Once you reach the line containing "by rewrite /qnode" in the data below, restate each line word for word up to and including the one containing "Lemma NSB_is_matching k".

---*---

(* Each busy link is counted at least as often at [N] as at [O]. *)
Lemma sum_qnode_le k (O N : {set V}) :
  (forall z u, z \in O -> [set z; u] \in E -> 0 < q k [set z; u] -> u \in N) ->
  \sum_(z in O) Qn k z <= \sum_(u in N) Qn k u.
Proof.
move=> hON; have QnE z : Qn k z = \sum_(l in E) (z \in l) * q k l.
  by rewrite /qnode big_mkcondr; apply: eq_bigr => l _; case: (z \in l); rewrite ?mul1n.
rewrite (eq_bigr _ (fun z _ => QnE z)) [X in _ <= X](eq_bigr _ (fun z _ => QnE z)).
rewrite exchange_big [X in _ <= X]exchange_big /=; apply: leq_sum => l hl.
rewrite -!big_distrl /= leq_mul2r; have [//|hq] := posnP (q k l).
move/eqP/cards2P: (E2 hl) => [a [b [hab el]]]; rewrite el !sum_mem2 //.
have ab : a \in O -> b \in N by move=> ha; apply: hON ha _ _; rewrite -el.
have ba : b \in O -> a \in N by move=> hb; apply: hON hb _ _; rewrite setUC -el.
move: ab ba; case: (a \in O); case: (b \in O); case: (a \in N); case: (b \in N) => //= h1 h2.
all: by [move: (h1 isT) | move: (h2 isT)].
Qed.

Section NSB.
Hypothesis HS : NSB_run E Q0 S.
Local Notation w := (weight E Q0 S).

Definition busy k : {set {set V}} := [set l in E | 0 < q k l].

Lemma busy2 k l : l \in busy k -> #|l| = 2.
Proof. by rewrite inE => /andP[/E2]. Qed.

Lemma admissibleE k A : admissible E Q0 S k A <-> is_matching (busy k) A.
Proof.
split=> [[[sAE hdisj] hq] | /andP[sAL /trivIsetP tA]].
  apply/andP; split; last by apply/trivIsetP => l1 l2 h1 h2; exact: hdisj.
  by apply/subsetP => l hl; rewrite inE (subsetP sAE _ hl) hq.
split; last by move=> l /(subsetP sAL); rewrite inE => /andP[].
split; last by move=> l1 l2; exact: tA.
by apply/subsetP => l /(subsetP sAL); rewrite inE => /andP[].
Qed.

Lemma NSB_admissible k : admissible E Q0 S k (S k).
Proof. by case: (HS k). Qed.

Lemma NSB_is_matching k : is_matching (busy k) (S k).
Proof. exact/admissibleE/NSB_admissible. Qed.

Lemma NSB_max k A : is_matching (busy k) A -> cweight (w k) A <= cweight (w k) (S k).
Proof.
have mwE B : mweight E Q0 S k B = cweight (w k) B.
  by apply: eq_bigl => x; rewrite covered_cover.
by move/admissibleE => hA; rewrite -!mwE; case: (HS k) => _; exact.
Qed.

Lemma Un_le1 k x : Un S k x <= 1.
Proof.
have R1 d : Rback S k d x <= 1 by rewrite /Rback; case: ifP => _; rewrite ?leq_b1.
by rewrite /Un; case: ifP => _; rewrite ?(leq_trans (leq_mul (R1 1) (R1 2))).
Qed.

Lemma qnode_le_weight k x : Qn k x <= w k x.
Proof.
rewrite /weight; case: ifP => // _; apply: leq_pmulr.
by rewrite subn_gt0 (leq_ltn_trans (Un_le1 k x)).
Qed.

Lemma weight_le k x : w k x <= 2 * Delta k.
Proof.
apply: leq_trans (_ : 2 * Qn k x <= _); last by rewrite leq_mul2l qnode_le_Delta orbT.
rewrite /weight; case: ifP => _; last by rewrite leq_pmull.
by rewrite mulnC leq_mul2r leq_subr orbT.
Qed.
(* For every integer $N\ge2$ and every ORN design on $N$ nodes (with arbitrary, possibly unbounded, maximum latency) that guarantees throughput $r$, we have \[ r\;\le\;\frac12+\frac{1}{2(N-1)}. \]
   Context: Nodes are $[N]=\{1,\dots,N\}$. A connection schedule of size $N$ and period $T\ge1$ is a sequence of permutations $\pi_0,\dots,\pi_{T-1}$ of $[N]$; write $\pi_t=\pi_{t \bmod T}$ for all $t\in\mathbb Z$. Its virtual topology is the directed graph $G$ with vertex set $[N]\times\mathbb Z$ whose edges are the virtual edges $(i,t)\to(i,t+1)$ and the physical edges $(i,t)\to(\pi_t(i),t+1)$, for all $i\in[N]$, $t\in\mathbb Z$. The latency of a finite directed path in $G$ is its number of edges. For $a,b\in[N]$, $t\in\mathbb Z$, $\mathcal P(a,b,t)$ is the set of paths in $G$ from $(a,t)$ to some vertex $(b,t')$, and $\mathcal P$ is the set of all paths. A flow is a function $f:\mathcal P\to[0,\infty)$; the load on an edge $e$ is $F(f,e)=\sum_{P\ni e}f(P)$; $f$ is feasible if $F(f,e)\le 1$ for every physical edge $e$. An oblivious routing scheme $R$ assigns to each $(a,b,t)\in[N]\times[N]\times\mathbb Z$ a flow $R_{a,b,t}$ supported on $\mathcal P(a,b,t)$ with $\sum_P R_{a,b,t}(P)=1$, which is periodic: $R_{a,b,t+T}$ is obtained from $R_{a,b,t}$ by shifting every path by $T$ in the time coordinate. An ORN design on $N$ nodes is a connection schedule together with an oblivious routing scheme on its virtual topology. A demand function $D$ assigns to each $t\in\mathbb Z$ an $N\times N$ matrix $D(t)$ with nonnegative entries $D(t,a,b)$; it requests throughput equal to the supremum over $t$ of the maximum row sum or column sum of $D(t)$. The induced flow is $f(R,D)=\sum_{a,b,t}D(t,a,b)R_{a,b,t}$. The design guarantees throughput $r$ if $f(R,D)$ is feasible for every demand function $D$ requesting throughput at most $r$. *)

From HB Require Import structures.
From mathcomp Require Import all_boot all_order all_algebra.
From mathcomp Require Import all_classical all_reals.
From mathcomp Require Import ereal esum.
From mathcomp Require Import fingroup perm.
Set Implicit Arguments. Unset Strict Implicit. Unset Printing Implicit Defensive.
Import Order.TTheory GRing.Theory Num.Theory.
Local Open Scope classical_set_scope.
Local Open Scope ring_scope.

(* A connection schedule of size N is given as a map pi : int -> {perm 'I_N},
   required (below) to be periodic with period T >= 1; this is the same as a
   sequence pi_0..pi_{T-1} extended by pi_t = pi_{t mod T}. *)
Definition periodic_schedule (N T : nat) (pi : int -> {perm 'I_N}) : Prop :=
  (0 < T)%N /\ forall t : int, pi (t + T%:Z) = pi t.

(* An edge of the virtual topology: (i, t, b) is the edge leaving vertex (i,t);
   b = false : virtual edge (i,t) -> (i,t+1);
   b = true  : physical edge (i,t) -> (pi_t(i), t+1). *)
Definition edge (N : nat) := ('I_N * int * bool)%type.

(* A finite directed path: start vertex (i,t) and the sequence of edge kinds. *)
Definition vpath (N : nat) := ('I_N * int * seq bool)%type.

Definition step N (pi : int -> {perm 'I_N}) (i : 'I_N) (t : int) (b : bool) : 'I_N :=
  if b then pi t i else i.

Fixpoint walk_edges N (pi : int -> {perm 'I_N}) (i : 'I_N) (t : int) (s : seq bool)
  : seq (edge N) :=
  if s is b :: s' then (i, t, b) :: walk_edges pi (step pi i t b) (t + 1) s' else [::].

Fixpoint walk_end N (pi : int -> {perm 'I_N}) (i : 'I_N) (t : int) (s : seq bool)
  : 'I_N :=
  if s is b :: s' then walk_end pi (step pi i t b) (t + 1) s' else i.

Definition path_edges N (pi : int -> {perm 'I_N}) (P : vpath N) : seq (edge N) :=
  walk_edges pi P.1.1 P.1.2 P.2.

(* The path ends at vertex (path_end P, P.1.2 + size P.2). *)
Definition path_end N (pi : int -> {perm 'I_N}) (P : vpath N) : 'I_N :=
  walk_end pi P.1.1 P.1.2 P.2.

Definition in_Pabt N (pi : int -> {perm 'I_N}) (a b : 'I_N) (t : int) (P : vpath N) : Prop :=
  P.1.1 = a /\ P.1.2 = t /\ path_end pi P = b.

Definition is_physical N (e : edge N) : bool := e.2.

Definition shift_path N (T : nat) (P : vpath N) : vpath N := (P.1.1, P.1.2 + T%:Z, P.2).

Definition load (R : realType) N (pi : int -> {perm 'I_N}) (f : vpath N -> \bar R)
  (e : edge N) : \bar R :=
  \esum_(P in [set P : vpath N | e \in path_edges pi P]) f P.

Definition feasible (R : realType) N (pi : int -> {perm 'I_N}) (f : vpath N -> \bar R) : Prop :=
  forall e : edge N, is_physical e -> (load pi f e <= 1)%E.

Definition oblivious_routing (R : realType) N (T : nat) (pi : int -> {perm 'I_N})
  (Rt : 'I_N -> 'I_N -> int -> vpath N -> \bar R) : Prop :=
  (forall a b t P, (0 <= Rt a b t P)%E /\ Rt a b t P \is a fin_num) /\
  (forall a b t P, ~ in_Pabt pi a b t P -> Rt a b t P = 0%E) /\
  (forall a b t, \esum_(P in [set: vpath N]) Rt a b t P = 1%E) /\
  (forall a b t P, Rt a b (t + T%:Z) (shift_path T P) = Rt a b t P).

Definition demand_ok (R : realType) N (D : int -> 'M[R]_N) : Prop :=
  forall t a b, 0 <= D t a b.

Definition requests_at_most (R : realType) N (D : int -> 'M[R]_N) (r : R) : Prop :=
  forall t : int,
    (forall a, \sum_(b < N) D t a b <= r) /\ (forall b, \sum_(a < N) D t a b <= r).

Definition induced_flow (R : realType) N (Rt : 'I_N -> 'I_N -> int -> vpath N -> \bar R)
  (D : int -> 'M[R]_N) : vpath N -> \bar R :=
  fun P => \esum_(x in [set: 'I_N * 'I_N * int]) ((D x.2 x.1.1 x.1.2)%:E * Rt x.1.1 x.1.2 x.2 P)%E.

Definition guarantees_throughput (R : realType) N (pi : int -> {perm 'I_N})
  (Rt : 'I_N -> 'I_N -> int -> vpath N -> \bar R) (r : R) : Prop :=
  forall D : int -> 'M[R]_N, demand_ok D -> requests_at_most D r ->
    feasible pi (induced_flow Rt D).

From HB Require Import structures.
From mathcomp Require Import all_boot all_order all_algebra.
From mathcomp Require Import all_classical all_reals.
From mathcomp Require Import ereal esum.
From mathcomp Require Import fingroup perm.
From mathcomp Require Import ring lra.
Import Order.TTheory GRing.Theory Num.Theory.
Set Implicit Arguments. Unset Strict Implicit. Unset Printing Implicit Defensive.
Local Open Scope classical_set_scope.
Local Open Scope ring_scope.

---*---

» **Answer for the task**:
  by rewrite /qnode big_mkcondr; apply: eq_bigr => l _; case: (z \in l); rewrite ?mul1n.
rewrite (eq_bigr _ (fun z _ => QnE z)) [X in _ <= X](eq_bigr _ (fun z _ => QnE z)).
rewrite exchange_big [X in _ <= X]exchange_big /=; apply: leq_sum => l hl.
rewrite -!big_distrl /= leq_mul2r; have [//|hq] := posnP (q k l).
move/eqP/cards2P: (E2 hl) => [a [b [hab el]]]; rewrite el !sum_mem2 //.
have ab : a \in O -> b \in N by move=> ha; apply: hON ha _ _; rewrite -el.
have ba : b \in O -> a \in N by move=> hb; apply: hON hb _ _; rewrite setUC -el.
move: ab ba; case: (a \in O); case: (b \in O); case: (a \in N); case: (b \in N) => //= h1 h2.
all: by [move: (h1 isT) | move: (h2 isT)].
Qed.

Section NSB.
Hypothesis HS : NSB_run E Q0 S.
Local Notation w := (weight E Q0 S).

Definition busy k : {set {set V}} := [set l in E | 0 < q k l].

Lemma busy2 k l : l \in busy k -> #|l| = 2.
Proof. by rewrite inE => /andP[/E2]. Qed.

Lemma admissibleE k A : admissible E Q0 S k A <-> is_matching (busy k) A.
Proof.
split=> [[[sAE hdisj] hq] | /andP[sAL /trivIsetP tA]].
  apply/andP; split; last by apply/trivIsetP => l1 l2 h1 h2; exact: hdisj.
  by apply/subsetP => l hl; rewrite inE (subsetP sAE _ hl) hq.
split; last by move=> l /(subsetP sAL); rewrite inE => /andP[].
split; last by move=> l1 l2; exact: tA.
by apply/subsetP => l /(subsetP sAL); rewrite inE => /andP[].
Qed.

Lemma NSB_admissible k : admissible E Q0 S k (S k).
Proof. by case: (HS k). Qed.

Lemma NSB_is_matching k : is_matching (busy k) (S k).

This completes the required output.